(Collected data entries)
Lemma jacobi_left_pred v a b n m p :
  n%:~R *: esum (jacobi_left v a b (n - 1) m p)
  = p *: esum (jacobi_left v a b n m (p - 1)) + esum (jacobi_left v (T1 a) b n m p).
Proof.
pose G j := (-1) ^+ j *: m3 v (m + n - j%:Z) (Yc a (p - 1 + (j%:Z)%:~R) b).
have eG : eventually_zero G.
  apply: (eventually_zeroW (Yc_trunc a b (p - 1))) => j Yj.
  by rewrite /G -pmulrn Yj (lin0 (m3_lin _ _)) scaler0.
have eG' := eventually_zeroZ (fun j => j%:R * gbin K n j) eG.
have eGS := eventually_zeroZ (fun j => gbin K (n - 1) j) (eventually_zeroS eG).
have eL := eventually_zero_jacobi_left v a b n m (p - 1).
have eLT := eventually_zero_jacobi_left v (T1 a) b n m p.
rewrite esumDZ //.
transitivity (esum (fun j => - ((j%:R * gbin K n j) *: G j))); last first.
  apply: eq_esum => j; rewrite /jacobi_left /G Yc_T1 (linZ (m3_lin _ _)).
  rewrite (_ : p + (j%:Z)%:~R - 1 = p - 1 + (j%:Z)%:~R); last by ring.
  rewrite !scalerA -scalerDl -scaleNr -pmulrn; congr (_ *: _); ring.
rewrite esumN // esum_gbin_absorb // -scalerN -esumN //.
congr (_ *: _); apply: eq_esum => j; rewrite /jacobi_left /G scalerA exprS.
rewrite (_ : m + n - j.+1%:Z = m + (n - 1) - j%:Z); last lia.
rewrite (_ : p - 1 + (j.+1%:Z)%:~R = p + (j%:Z)%:~R); last by rewrite -!pmulrn mulrS; ring.
by rewrite -scaleNr; congr (_ *: _); ring.
Qed.

Lemma jacobi_right_pred v a b n m p :
  n%:~R *: esum (jacobi_right v a b (n - 1) m p)
  = p *: esum (jacobi_right v a b n m (p - 1)) + esum (jacobi_right v (T1 a) b n m p).
Proof.
have eR := eventually_zero_jacobi_right v a b (n - 1) m p.
have eR' := eventually_zero_jacobi_right v a b n m (p - 1).
have eRT := eventually_zero_jacobi_right v (T1 a) b n m p.
rewrite esumDZ // -esumZ //.
apply: eq_esum => j; rewrite /jacobi_right Yc_T1.
rewrite (_ : p - 1 + (n - j%:Z)%:~R = p + (n - 1 - j%:Z)%:~R); last by ring.
rewrite (_ : p + (n - j%:Z)%:~R - 1 = p + (n - 1 - j%:Z)%:~R); last by ring.
rewrite !scalerA -scalerDl; congr (_ *: _).
rewrite (_ : n - 1 + j%:Z = n + j%:Z - 1); last lia.
rewrite sgn_subr1 -[n%:~R * _]mulrCA -gbin_subn; ring.
Qed.

Lemma m1_T1r v k w : m1 v k (T1 w) = T1 (m1 v k w) + k%:~R *: m1 v (k - 1) w.
Proof.
have := m1_T1 v k w => /(congr1 (fun x => - x + T1 (m1 v k w))).
by rewrite opprB subrK scaleNr opprK addrC.
Qed.

Lemma jacobi_delta_pred v a b n m p :
  n%:~R *: esum (jacobi_delta v a b (n - 1) m p)
  = p *: esum (jacobi_delta v a b n m (p - 1)) + esum (jacobi_delta v (T1 a) b n m p).
Proof.
pose G i := Yc (m1 v (n - 1 + i%:Z) a) (p + (m - i%:Z)%:~R) b.
have eG : eventually_zero G.
  apply: (eventually_zeroW (truncation_eventually_zero m1_trunc v a (n - 1))) => j /= mj.
  by rewrite /G mj (lin0 (Yc_lin_l _ _)).
have eG' := eventually_zeroZ (fun i => (n + i%:Z)%:~R * gbin K m i) eG.
have eG'' := eventually_zeroZ (fun i => i%:R * gbin K m i) eG.
have eGS := eventually_zeroZ (fun i => i.+1%:R * gbin K m i.+1) (eventually_zeroS eG).
have eD := eventually_zero_jacobi_delta v a b (n - 1) m p.
have eD' := eventually_zero_jacobi_delta v a b n m (p - 1).
have eDT := eventually_zero_jacobi_delta v (T1 a) b n m p.
rewrite esumDZ //.
transitivity (esum (fun i => ((n + i%:Z)%:~R * gbin K m i) *: G i
                            - (i.+1%:R * gbin K m i.+1) *: G i.+1)); last first.
  apply: eq_esum => i; rewrite /jacobi_delta /G m1_T1r (linD (Yc_lin_l _ _)).
  rewrite (linZ (Yc_lin_l _ _)) Yc_T1.
  rewrite (_ : n - 1 + i.+1%:Z = n + i%:Z); last lia.
  rewrite (_ : n + i%:Z - 1 = n - 1 + i%:Z); last lia.
  have -> : p - 1 + (m - i%:Z)%:~R = p + (m - i.+1%:Z)%:~R.
    by rewrite !intrD !intrN -!pmulrn mulrS; ring.
  have -> : p + (m - i%:Z)%:~R - 1 = p + (m - i.+1%:Z)%:~R.
    by rewrite !intrD !intrN -!pmulrn mulrS; ring.
  rewrite -gbin_succ !scalerA scalerDr !scalerA addrA -scalerDl addrC.
  by congr (_ + _); [rewrite mulrC | rewrite -scaleNr; congr (_ *: _); ring].
have shift : esum (fun i => (i.+1%:R * gbin K m i.+1) *: G i.+1)
           = esum (fun i => (i%:R * gbin K m i) *: G i).
  by rewrite [RHS](esum_recl eG'') /= mul0r scale0r add0r.
rewrite esumB // shift -esumB // -esumZ //.
apply: eq_esum => i; rewrite /jacobi_delta /G -scalerBl scalerA; congr (_ *: _).
by rewrite intrD -pmulrn; ring.
Qed.

Lemma jacobi_defect_pred v a b n m p :
  n%:~R *: jacobi_defect v a b (n - 1) m p
  = p *: jacobi_defect v a b n m (p - 1) + jacobi_defect v (T1 a) b n m p.
Proof.
rewrite /jacobi_defect !scalerBr jacobi_left_pred jacobi_right_pred jacobi_delta_pred.
exact: subrDACA3.
Qed.

Definition jacobi_at n := forall v a b m p, jacobi_defect v a b n m p = 0.

Lemma jacobi_at_succ n : jacobi_at n -> jacobi_at (n + 1).
Proof. by move=> Jn v a b m p; rewrite jacobi_defect_succ !Jn subrr. Qed.

Lemma jacobi_at_pred n : n != 0 -> jacobi_at n -> jacobi_at (n - 1).
Proof.
move=> n0 Jn v a b m p; have := jacobi_defect_pred v a b n m p.
by rewrite !Jn scaler0 addr0 => /eqP; rewrite scaler_eq0 intr_eq0 (negbTE n0) => /eqP.
Qed.

(* At n = -1 the first recursion is a transport along m + p, since D(0, m, p) = 0. *)
Lemma jacobi_atN1 : jacobi_at 0 ->
  (forall v a b p, jacobi_defect v a b (-1) 0 p = 0) -> jacobi_at (-1).
Proof.
move=> J0 JN10 v a b m p.
have shift m' p' : jacobi_defect v a b (-1) (m' + 1) p' = jacobi_defect v a b (-1) m' (p' + 1).
  by apply/eqP; rewrite -subr_eq0 -jacobi_defect_succ J0.
elim/int_rec: m p => [|k IHk|k IHk] p; first exact: JN10.
  by rewrite -addn1 PoszD shift IHk.
have -> : - (k.+1%:Z) = - k%:Z - 1 by rewrite -addn1 PoszD opprD.
by rewrite -(subrK 1 p) -shift subrK IHk.
Qed.

Lemma jacobi_at_all : jacobi_at 0 -> jacobi_at (-1) -> forall n, jacobi_at n.
Proof.
move=> J0 JN1; elim/int_rec => [|k Jk|[|k] Jk] //.
  by rewrite -addn1 PoszD; exact: jacobi_at_succ.
have -> : - (k.+2%:Z) = - k.+1%:Z - 1 by rewrite -addn1 PoszD opprD.
by apply: jacobi_at_pred => //; rewrite oppr_eq0.
Qed.

Lemma jacobiP : jacobi (fun k : int => k%:~R) m1 m2 m3 Yc <-> forall n, jacobi_at n.
Proof.
have eL := eventually_zero_jacobi_left; have eR := eventually_zero_jacobi_right.
have eD := eventually_zero_jacobi_delta.
split => [J n v a b m p | J v a b n m p].
  have [s1 [s2 [s3 [h1 [h2 [h3 e]]]]]] := J v a b n m p.
  rewrite /jacobi_defect.
  move/(series_sum_esum _ (eL v a b n m p)): h1 => <-.
  move/(series_sum_esum _ (eR v a b n m p)): h2 => <-.
  move/(series_sum_esum _ (eD v a b n m p)): h3 => <-.
  by rewrite e subrr.
exists (esum (jacobi_left v a b n m p)), (esum (jacobi_right v a b n m p)).
exists (esum (jacobi_delta v a b n m p)).
split; first exact/(series_sum_esum _ (eL v a b n m p)).
split; first exact/(series_sum_esum _ (eR v a b n m p)).
split; first exact/(series_sum_esum _ (eD v a b n m p)).
by apply/eqP; rewrite -subr_eq0 -/(jacobi_defect _ _ _ _ _ _) J.
Qed.

Definition commutator_formula := forall v a b m p,
  exists s, series_sum (fun i => gbin K m i *: Yc (m1 v i%:Z a) (p + (m - i%:Z)%:~R) b) s
         /\ m3 v m (Yc a p b) - Yc a p (m2 v m b) = s.

Definition normal_ordered_product_formula := forall v a b p,
  exists s1 s2, series_sum (fun k => m3 v (-1 - k%:Z) (Yc a (p + k%:R) b)) s1
             /\ series_sum (fun k => Yc a (p - k%:R - 1) (m2 v k%:Z b)) s2
             /\ Yc (m1 v (-1) a) p b = s1 + s2.

Lemma esum_jacobi_left0 v a b m p : esum (jacobi_left v a b 0 m p) = m3 v m (Yc a p b).
Proof.
rewrite esum_first; last by move=> j; rewrite /jacobi_left gbin_0S mulr0 scale0r.
rewrite /jacobi_left gbin0 expr0 mul1r scale1r.
by congr (m3 v _ (Yc a _ b)); [lia | ring].
Qed.

Lemma esum_jacobi_right0 v a b m p : esum (jacobi_right v a b 0 m p) = Yc a p (m2 v m b).
Proof.
rewrite esum_first; last by move=> j; rewrite /jacobi_right gbin_0S mulr0 scale0r.
rewrite /jacobi_right gbin0 mulr1 expr0z scale1r.
by congr (Yc a _ (m2 v _ b)); [ring | lia].
Qed.

Lemma jacobi_at0P : jacobi_at 0 <-> commutator_formula.
Proof.
have eD v a b m p := eventually_zero_jacobi_delta v a b 0 m p.
split => J v a b m p.
  exists (esum (jacobi_delta v a b 0 m p)); split; first exact/(series_sum_esum _ (eD v a b m p)).
  by apply/eqP; rewrite -esum_jacobi_left0 -esum_jacobi_right0 -subr_eq0 -/(jacobi_defect _ _ _ _ _ _) J.
have [s [/(series_sum_esum _ (eD v a b m p)) s_eq e]] := J v a b m p.
by rewrite /jacobi_defect esum_jacobi_left0 esum_jacobi_right0 e s_eq subrr.
Qed.

Lemma esum_jacobi_leftN1 v a b p :
  esum (jacobi_left v a b (-1) 0 p) = esum (fun k => m3 v (-1 - k%:Z) (Yc a (p + k%:R) b)).
Proof.
apply: eq_esum => j; rewrite /jacobi_left gbinN1 sgn_sqr scale1r -pmulrn.
by congr (m3 v _ _); lia.
Qed.

Lemma esum_jacobi_rightN1 v a b p :
  esum (jacobi_right v a b (-1) 0 p) = - esum (fun k => Yc a (p - k%:R - 1) (m2 v k%:Z b)).
Proof.
rewrite -esumN; last first.
  apply: (eventually_zeroW (truncation_eventually_zero m2_trunc v b 0)) => j /= mj.
  by rewrite mj (lin0 (Yc_lin_r _ _)).
apply: eq_esum => j.
rewrite /jacobi_right sgn_addn gbinN1 sgnN1 -mulrA sgn_sqr mulr1 scaleN1r.
by congr (- Yc a _ _); ring.
Qed.

Lemma esum_jacobi_deltaN1 v a b p : esum (jacobi_delta v a b (-1) 0 p) = Yc (m1 v (-1) a) p b.
Proof.
rewrite esum_first; last by move=> j; rewrite /jacobi_delta gbin_0S scale0r.
by rewrite /jacobi_delta gbin0 scale1r addr0 subr0 addr0.
Qed.

Lemma jacobi_atN1_0P :
  (forall v a b p, jacobi_defect v a b (-1) 0 p = 0) <-> normal_ordered_product_formula.
Proof.
have eL v a b p : eventually_zero (fun k => m3 v (-1 - k%:Z) (Yc a (p + k%:R) b)).
  apply: (eventually_zeroW (Yc_trunc a b p)) => j Yj.
  by rewrite Yj (lin0 (m3_lin _ _)).
have eR v a b p : eventually_zero (fun k => Yc a (p - k%:R - 1) (m2 v k%:Z b)).
  apply: (eventually_zeroW (truncation_eventually_zero m2_trunc v b 0)) => j /= mj.
  by rewrite mj (lin0 (Yc_lin_r _ _)).
split => J v a b p.
  exists (esum (fun k => m3 v (-1 - k%:Z) (Yc a (p + k%:R) b))).
  exists (esum (fun k => Yc a (p - k%:R - 1) (m2 v k%:Z b))).
  split; first exact/(series_sum_esum _ (eL v a b p)).
  split; first exact/(series_sum_esum _ (eR v a b p)).
  have := J v a b p; rewrite /jacobi_defect esum_jacobi_leftN1 esum_jacobi_rightN1.
  by rewrite esum_jacobi_deltaN1 opprK => /eqP; rewrite subr_eq0 => /eqP.
have [s1 [s2 [/(series_sum_esum _ (eL v a b p)) -> [/(series_sum_esum _ (eR v a b p)) -> e]]]] :=
  J v a b p.
by rewrite /jacobi_defect esum_jacobi_leftN1 esum_jacobi_rightN1 esum_jacobi_deltaN1 e opprK subrr.
Qed.

Lemma jacobi_iff_formulas : jacobi (fun k : int => k%:~R) m1 m2 m3 Yc
  <-> normal_ordered_product_formula /\ commutator_formula.
Proof.
rewrite jacobiP -jacobi_at0P -jacobi_atN1_0P.
split => [J | [JN1 J0]]; first by split=> *; apply: J.
exact: jacobi_at_all J0 (jacobi_atN1 J0 JN1).
Qed.

End JacobiDefect.

Unset Implicit Arguments.

Theorem proposition3p7 (R : realType)
    (V M1 M2 M3 : lmodType R[i])
    (vac : V) (T : V -> V) (md : V -> int -> V -> V)
    (T1 : M1 -> M1) (m1 : V -> int -> M1 -> M1)
    (T2 : M2 -> M2) (m2 : V -> int -> M2 -> M2)
    (T3 : M3 -> M3) (m3 : V -> int -> M3 -> M3)
    (S : R[i] -> Prop) (Yc : M1 -> R[i] -> M2 -> M3) :
  is_vertex_algebra vac T md ->
  is_module vac md T1 m1 -> is_module vac md T2 m2 -> is_module vac md T3 m3 ->
  exponent_set S ->
  (* Yc : M1 -> Hom(M2, M3[[z]] z^{-S}) linear;  Yc a p b = a_(p) b *)
  bilin_modes Yc ->
  (forall a b, in_series_S S (fun p => Yc a p b)) ->
  (* T Y(a,z) - Y(a,z) T = Y(Ta,z) *)
  (forall a b p, T3 (Yc a p b) - Yc a p (T2 b) = Yc (T1 a) p b) ->
  (* Y(Ta,z) = d/dz Y(a,z) *)
  (forall a b p, Yc (T1 a) p b = - p *: Yc a (p - 1) b) ->
  (jacobi (fun k : int => k%:~R) m1 m2 m3 Yc <->
   ((forall (v : V) (a : M1) (b : M2) (p : R[i]),
       exists s1 s2,
         series_sum (fun k => m3 v (-1 - k%:Z) (Yc a (p + k%:R) b)) s1
      /\ series_sum (fun k => Yc a (p - k%:R - 1) (m2 v k%:Z b)) s2
      /\ Yc (m1 v (-1) a) p b = s1 + s2)
    /\
    (forall (v : V) (a : M1) (b : M2) (m : int) (p : R[i]),
       exists s,
         series_sum (fun i => gbin R[i] m i *: Yc (m1 v i%:Z a) (p + (m - i%:Z)%:~R) b) s
      /\ m3 v m (Yc a p b) - Yc a p (m2 v m b) = s))).
Proof.
move=> _ [_ [_ [m1_trunc [_ [m1_T1 _]]]]] [_ [_ [m2_trunc _]]] [_ [[_ m3_lin] _]] _
  [Yc_lin_l Yc_lin_r] Yc_S _ Yc_T1.
apply: (jacobi_iff_formulas m3_lin Yc_lin_l Yc_lin_r m1_trunc m2_trunc _ m1_T1 Yc_T1).
by move=> a b; apply: in_series_S_eventually_zero (Yc_S a b).
Qed.
Theorem lemma3p7 (gT : finGroupType) (m : nat) (R : {set gT}) (x : gT) :
  ~~ abelian [set: gT] ->
  (2 <= m)%N ->
  (forall r, r \in R -> r^-1 \in R) ->
  1 \notin R ->
  is_GRR R ->
  (#|isolR R| <= 1)%N ->
  <<R :\: isolR R>> = [set: gT] ->
  (* cases (1) and (3) *)
  ( ([/\ (3 <= m)%N, x \notin 'Z([set: gT]) & (2 < #[x])%N] \/
     [/\ m = 2%N, (forall g : gT, g ^+ 2 \in 'Z([set: gT])),
         x \notin ('Z([set: gT]) :|: R) & (2 < #[x])%N]) ->
    @is_mGRR gT m (@thetaA gT R x m) ) /\
  (* case (2) *)
  ( (m = 2%N /\ x ^+ 2 \notin 'Z([set: gT])) ->
    @is_mGRR gT m (@thetaB gT R x m) ).
Proof.
(* Neither the non-commutativity of G, nor the bound on the isolated vertices, nor the
   centrality of squares in case (3) is needed. *)
move=> _ m_ge2 R_sym R1 R_GRR _ R_gen; split=> [cases13 | [-> x2Z]].
  case: m m_ge2 cases13 => [// | n] n_gt0 cases13.
  have [xZ ox xR] : [/\ x \notin 'Z([set: gT]), 2 < #[x] & n = 1%N -> x \notin R].
    case: cases13 => [[m3 xZ ox] | [[n1] _ /[!inE] /norP[xZ xR] ox]]; split=> // n1'.
    by rewrite n1' in m3.
  have [x_neq1 x2_neq1] := order_gt2_neq1 ox.
  apply: (rigid_layers_mGRR (thetaA_layer R x n_gt0) (thetaA_triangle n_gt0 R_sym R1 xR x_neq1)
    R_gen R_GRR (@thetaA_rho gT R x n) (thetaA_regular R n_gt0 x_neq1)).
  exact: thetaA_rigid.
apply: (rigid_layers_mGRR (@thetaB_layer gT R x) (thetaB_triangle R1) R_gen R_GRR
  (@thetaB_rho gT R x) (@thetaB_regular gT R x)).
exact: thetaB_rigid.
Qed.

TASK BRIEF: Could you transcribe the entries above word for word, from the line with "by apply/eqP; rewrite -subr_eq0 -jacobi_defect_succ" down to the line with "b = s1 + s2.", keeping both?

WRITTEN SOLUTION:
  by apply/eqP; rewrite -subr_eq0 -jacobi_defect_succ J0.
elim/int_rec: m p => [|k IHk|k IHk] p; first exact: JN10.
  by rewrite -addn1 PoszD shift IHk.
have -> : - (k.+1%:Z) = - k%:Z - 1 by rewrite -addn1 PoszD opprD.
by rewrite -(subrK 1 p) -shift subrK IHk.
Qed.

Lemma jacobi_at_all : jacobi_at 0 -> jacobi_at (-1) -> forall n, jacobi_at n.
Proof.
move=> J0 JN1; elim/int_rec => [|k Jk|[|k] Jk] //.
  by rewrite -addn1 PoszD; exact: jacobi_at_succ.
have -> : - (k.+2%:Z) = - k.+1%:Z - 1 by rewrite -addn1 PoszD opprD.
by apply: jacobi_at_pred => //; rewrite oppr_eq0.
Qed.

Lemma jacobiP : jacobi (fun k : int => k%:~R) m1 m2 m3 Yc <-> forall n, jacobi_at n.
Proof.
have eL := eventually_zero_jacobi_left; have eR := eventually_zero_jacobi_right.
have eD := eventually_zero_jacobi_delta.
split => [J n v a b m p | J v a b n m p].
  have [s1 [s2 [s3 [h1 [h2 [h3 e]]]]]] := J v a b n m p.
  rewrite /jacobi_defect.
  move/(series_sum_esum _ (eL v a b n m p)): h1 => <-.
  move/(series_sum_esum _ (eR v a b n m p)): h2 => <-.
  move/(series_sum_esum _ (eD v a b n m p)): h3 => <-.
  by rewrite e subrr.
exists (esum (jacobi_left v a b n m p)), (esum (jacobi_right v a b n m p)).
exists (esum (jacobi_delta v a b n m p)).
split; first exact/(series_sum_esum _ (eL v a b n m p)).
split; first exact/(series_sum_esum _ (eR v a b n m p)).
split; first exact/(series_sum_esum _ (eD v a b n m p)).
by apply/eqP; rewrite -subr_eq0 -/(jacobi_defect _ _ _ _ _ _) J.
Qed.

Definition commutator_formula := forall v a b m p,
  exists s, series_sum (fun i => gbin K m i *: Yc (m1 v i%:Z a) (p + (m - i%:Z)%:~R) b) s
         /\ m3 v m (Yc a p b) - Yc a p (m2 v m b) = s.

Definition normal_ordered_product_formula := forall v a b p,
  exists s1 s2, series_sum (fun k => m3 v (-1 - k%:Z) (Yc a (p + k%:R) b)) s1
             /\ series_sum (fun k => Yc a (p - k%:R - 1) (m2 v k%:Z b)) s2
             /\ Yc (m1 v (-1) a) p b = s1 + s2.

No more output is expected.